■ Material provided ■
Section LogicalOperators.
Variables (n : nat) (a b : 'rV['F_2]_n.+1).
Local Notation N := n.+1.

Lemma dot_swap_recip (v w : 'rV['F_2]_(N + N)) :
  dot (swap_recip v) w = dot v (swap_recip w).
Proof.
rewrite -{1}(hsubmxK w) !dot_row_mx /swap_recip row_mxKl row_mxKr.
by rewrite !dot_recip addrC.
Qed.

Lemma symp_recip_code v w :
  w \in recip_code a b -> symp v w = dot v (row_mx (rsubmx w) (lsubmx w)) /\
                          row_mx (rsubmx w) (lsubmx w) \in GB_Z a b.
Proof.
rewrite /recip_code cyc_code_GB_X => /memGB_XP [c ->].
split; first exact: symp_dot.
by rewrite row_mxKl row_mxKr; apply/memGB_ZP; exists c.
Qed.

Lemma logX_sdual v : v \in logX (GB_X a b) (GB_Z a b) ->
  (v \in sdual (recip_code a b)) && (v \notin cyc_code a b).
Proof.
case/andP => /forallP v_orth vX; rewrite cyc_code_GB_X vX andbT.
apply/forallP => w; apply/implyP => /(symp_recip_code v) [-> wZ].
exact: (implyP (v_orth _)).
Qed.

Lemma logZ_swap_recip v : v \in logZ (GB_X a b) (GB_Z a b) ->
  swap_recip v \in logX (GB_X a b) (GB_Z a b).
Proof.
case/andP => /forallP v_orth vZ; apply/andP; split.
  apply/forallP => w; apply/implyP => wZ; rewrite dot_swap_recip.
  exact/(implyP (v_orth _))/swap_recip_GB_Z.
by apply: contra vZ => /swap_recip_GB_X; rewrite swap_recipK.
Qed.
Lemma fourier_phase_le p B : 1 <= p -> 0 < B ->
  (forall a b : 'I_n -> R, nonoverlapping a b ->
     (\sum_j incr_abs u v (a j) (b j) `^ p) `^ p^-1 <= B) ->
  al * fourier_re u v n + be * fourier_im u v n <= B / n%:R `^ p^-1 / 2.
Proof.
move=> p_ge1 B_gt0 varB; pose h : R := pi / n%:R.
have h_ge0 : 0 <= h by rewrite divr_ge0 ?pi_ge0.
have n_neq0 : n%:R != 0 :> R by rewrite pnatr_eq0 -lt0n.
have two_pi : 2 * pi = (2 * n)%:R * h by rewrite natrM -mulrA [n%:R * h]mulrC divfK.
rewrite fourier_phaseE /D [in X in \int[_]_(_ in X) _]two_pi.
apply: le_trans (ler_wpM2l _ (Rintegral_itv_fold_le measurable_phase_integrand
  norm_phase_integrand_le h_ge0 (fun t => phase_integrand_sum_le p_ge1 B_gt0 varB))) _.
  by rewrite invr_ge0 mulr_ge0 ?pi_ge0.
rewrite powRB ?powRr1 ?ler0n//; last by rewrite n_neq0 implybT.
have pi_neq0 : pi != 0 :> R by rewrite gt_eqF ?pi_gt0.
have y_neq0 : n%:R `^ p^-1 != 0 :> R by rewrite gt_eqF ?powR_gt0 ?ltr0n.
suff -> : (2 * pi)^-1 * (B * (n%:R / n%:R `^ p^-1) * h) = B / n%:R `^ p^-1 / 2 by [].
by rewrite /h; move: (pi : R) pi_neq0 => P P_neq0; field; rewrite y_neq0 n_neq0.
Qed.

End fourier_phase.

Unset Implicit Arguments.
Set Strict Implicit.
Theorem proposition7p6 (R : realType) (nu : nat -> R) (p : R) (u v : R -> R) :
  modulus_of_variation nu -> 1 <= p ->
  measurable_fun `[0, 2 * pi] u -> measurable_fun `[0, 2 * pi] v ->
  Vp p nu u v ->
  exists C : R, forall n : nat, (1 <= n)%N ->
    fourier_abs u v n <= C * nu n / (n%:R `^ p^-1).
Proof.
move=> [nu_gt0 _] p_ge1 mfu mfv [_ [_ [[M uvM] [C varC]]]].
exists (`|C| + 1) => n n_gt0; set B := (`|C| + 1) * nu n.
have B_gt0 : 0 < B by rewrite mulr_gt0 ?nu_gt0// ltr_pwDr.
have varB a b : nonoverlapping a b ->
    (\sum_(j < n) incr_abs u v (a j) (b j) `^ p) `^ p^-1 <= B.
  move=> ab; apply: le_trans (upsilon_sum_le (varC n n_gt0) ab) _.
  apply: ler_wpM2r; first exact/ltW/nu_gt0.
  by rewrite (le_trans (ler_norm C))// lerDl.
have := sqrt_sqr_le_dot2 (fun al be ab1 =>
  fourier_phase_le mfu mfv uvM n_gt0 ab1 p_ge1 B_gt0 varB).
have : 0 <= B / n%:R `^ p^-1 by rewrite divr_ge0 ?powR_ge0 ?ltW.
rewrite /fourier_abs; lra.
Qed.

■ How to complete this task ■
Give an exact copy of the lines above from the line with "case/andP => /forallP v_orth vX;" up to and including the line with "case/andP => /forallP v_orth vZ;", and leave everything else out.

■ Solution to the exercise ■
case/andP => /forallP v_orth vX; rewrite cyc_code_GB_X vX andbT.
apply/forallP => w; apply/implyP => /(symp_recip_code v) [-> wZ].
exact: (implyP (v_orth _)).
Qed.

Lemma logZ_swap_recip v : v \in logZ (GB_X a b) (GB_Z a b) ->
  swap_recip v \in logX (GB_X a b) (GB_Z a b).
Proof.
case/andP => /forallP v_orth vZ; apply/andP; split.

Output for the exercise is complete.